Lemma amg_open_meets_emb i S e O : amg_isopen S -> S (jj i e) -> isopen O -> O e ->
  exists a, O (emb i a) /\ S (inl (proj1_sig a)).
Proof.
  intros HS Se HO Oe. destruct (classic (exists a, emb i a = e)) as [[a <-] | Hn].
  - exists a. rewrite <- amg_j_emb. auto.
  - destruct (amg_open_trace_remainder i S HS e Hn Se) as [O' [HO' [O'e HO'S]]].
    destruct (emb_dense i (fun e => O e /\ O' e) (open_setI _ _ _ HO HO') e (conj Oe O'e))
      as [a [Oa O'a]].
    exists a. rewrite <- amg_j_emb. auto.
Qed.

Lemma amg_open_residual_nbhd S : amg_isopen S ->
  forall x, residual AA x -> S (inl x) ->
  exists U, isopen U /\ U x /\ forall p, VV U p -> S p.
Proof.
  intros HS. pattern S. refine (amg_open_ind _ _ _ S HS); [split; [| split] |].
  - intros x _ _. exists (fun _ => True). split; [apply open_setT | auto].
  - intros U V HU HV x H [Ux Vx].
    destruct (HU x H Ux) as [O1 [HO1 [O1x H1]]], (HV x H Vx) as [O2 [HO2 [O2x H2]]].
    exists (fun e => O1 e /\ O2 e). split; [apply open_setI; auto |]. split; auto.
    intros p Hp; split;
      [apply H1, (VU_mono O1 _ p HO1 (fun x => @proj1 _ _) Hp)
      | apply H2, (VU_mono O2 _ p HO2 (fun x => @proj2 _ _) Hp)].
  - intros F HF x H [U [FU Ux]]. destruct (HF U FU x H Ux) as [O [HO [Ox HO']]].
    exists O; split; auto; split; auto. intros p Hp. exists U; auto.
  - intros B [[i0 [O0 [HO0 HB]]] | [U [HU HB]]] x H HBx.
    + apply HB in HBx as [e0 [_ Heq]]. apply amg_j_inl in Heq as [a [_ <-]].
      exfalso. apply H. exists (proj1_sig i0). split; [apply (proj2_sig i0) | apply (proj2_sig a)].
    + exists U. split; auto. split; [apply (HB (inl x)); auto |]. intros p Hp; apply HB; auto.
Qed.

Lemma continuous_comp_amg_j (Z : space) (f : AM -> Z) i :
  regular Z -> continuous f -> continuous (fun e => f (jj i e)).
Proof.
  intros [_ HZ] Hf V HV. apply isopen_of_nbhd. intros e He.
  destruct (classic (exists a, emb i a = e)) as [[a <-] | Hn].
  - destruct (HZ _ (f (jj i (emb i a))) (isclosed_not V HV)) as [U1 [V1 [HU1 [HV1 [U1e [HFV1 HUV]]]]]];
      [tauto |].
    pose (U := fun x => U1 (f (amg_in x))).
    assert (HU : isopen U) by exact (continuous_comp _ f continuous_amg_in Hf _ HU1).
    exists (WM i (fun a => U (proj1_sig a))). split; [apply Wmax_open |]. split.
    + apply Wmax_emb_open; auto. unfold U, amg_in. rewrite <- amg_j_emb. auto.
    + intros e' He'. apply NNPP; intro HnV.
      destruct (amg_open_meets_emb i (fun p => V1 (f p)) e' _ (Hf _ HV1) (HFV1 _ HnV)
        (Wmax_open _ _) He') as [a' [Wa' Va']].
      apply Wmax_emb in Wa'. exact (HUV _ (conj Wa' Va')).
  - destruct (amg_open_trace_remainder i (fun p => V (f p)) (Hf _ HV) e Hn He)
      as [O [HO [Oe HO']]].
    exists O; auto.
Qed.

Lemma continuous_of_pieces (Z : space) (f : AM -> Z) : regular Z ->
  continuous (fun x : X => f (amg_in x)) -> (forall i, continuous (fun e : E i => f (jj i e))) ->
  continuous f.
Proof.
  intros [_ HZ] Hin Hj V HV. apply isopen_of_nbhd. intros [x | [i [e H]]] Hp.
  - destruct (HZ _ (f (inl x)) (isclosed_not V HV)) as [U1 [V1 [HU1 [HV1 [U1x [HFV1 HUV]]]]]];
      [tauto |].
    pose (U := fun x => U1 (f (inl x))).
    exists (VV U). split; [apply VU_open, (Hin _ HU1) |]. split; [exact U1x |].
    intros q Hq. apply NNPP; intro HnV. apply HFV1 in HnV.
    destruct q as [y | [i [e H]]]; [exact (HUV _ (conj Hq HnV)) |].
    destruct Hq as [W [HW [HW' We]]].
    assert (Ve : V1 (f (jj i e))) by (rewrite (amg_j_remainder i e H); exact HnV).
    destruct (emb_dense i (fun e => W e /\ V1 (f (jj i e)))
       (open_setI _ _ _ HW (Hj i _ HV1)) e (conj We Ve)) as [a [Wa Va]].
    apply HW' in Wa. rewrite amg_j_emb in Va. exact (HUV _ (conj Wa Va)).
  - exists (amg_image i (fun e => V (f (jj i e)))). split; [apply amg_image_open, Hj; auto |].
    split.
    + exists e. rewrite (amg_j_remainder i e H). auto.
    + intros q [e' [He' <-]]. auto.
Qed.

Lemma amg_continuous_iff (Z : space) (f : AM -> Z) : regular Z ->
  (continuous f <->
   continuous (fun x : X => f (amg_in x)) /\ forall i, continuous (fun e : E i => f (jj i e))).
Proof.
  intros HZ. split.
  - intros Hf. split; [exact (continuous_comp _ f continuous_amg_in Hf) |].
    intros i. apply continuous_comp_amg_j; auto.
  - intros [Hin Hj]. apply continuous_of_pieces; auto.
Qed.

Lemma amg_extend (Z : space) (g0 : X -> Z) : regular Z -> continuous g0 ->
  (forall i, exists G : E i -> Z, continuous G /\ forall a, G (emb i a) = g0 (proj1_sig a)) ->
  exists F : AM -> Z, continuous F /\ forall x, F (amg_in x) = g0 x.
Proof.
  intros HZ H0 HG.
  pose (G := fun i => proj1_sig (constructive_indefinite_description _ (HG i))).
  assert (HG' : forall i, continuous (G i) /\ forall a, G i (emb i a) = g0 (proj1_sig a))
    by (intros i; exact (proj2_sig (constructive_indefinite_description _ (HG i)))).
  exists (fun p : AM => match p with
            | inl x => g0 x
            | inr q => G (projT1 q) (proj1_sig (projT2 q)) end).
  split; [| reflexivity].
  apply continuous_of_pieces; auto. intros i.
  apply (continuous_ext _ (G i)); [| apply HG']. intros e.
  destruct (classic (exists a, emb i a = e)) as [[a <-] | Hn].
  - rewrite amg_j_emb. symmetry; apply HG'.
  - rewrite (amg_j_remainder i e Hn). reflexivity.
Qed.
┄┄┄┄┄┄┄┄┄┄
Task instructions -> The required output is the stretch of entries above from the line containing "He'. apply NNPP; intro HnV." through the line containing "apply Wmax_emb in", reproduced exactly.

Final answer ->
    + intros e' He'. apply NNPP; intro HnV.
      destruct (amg_open_meets_emb i (fun p => V1 (f p)) e' _ (Hf _ HV1) (HFV1 _ HnV)
        (Wmax_open _ _) He') as [a' [Wa' Va']].
      apply Wmax_emb in Wa'. exact (HUV _ (conj Wa' Va')).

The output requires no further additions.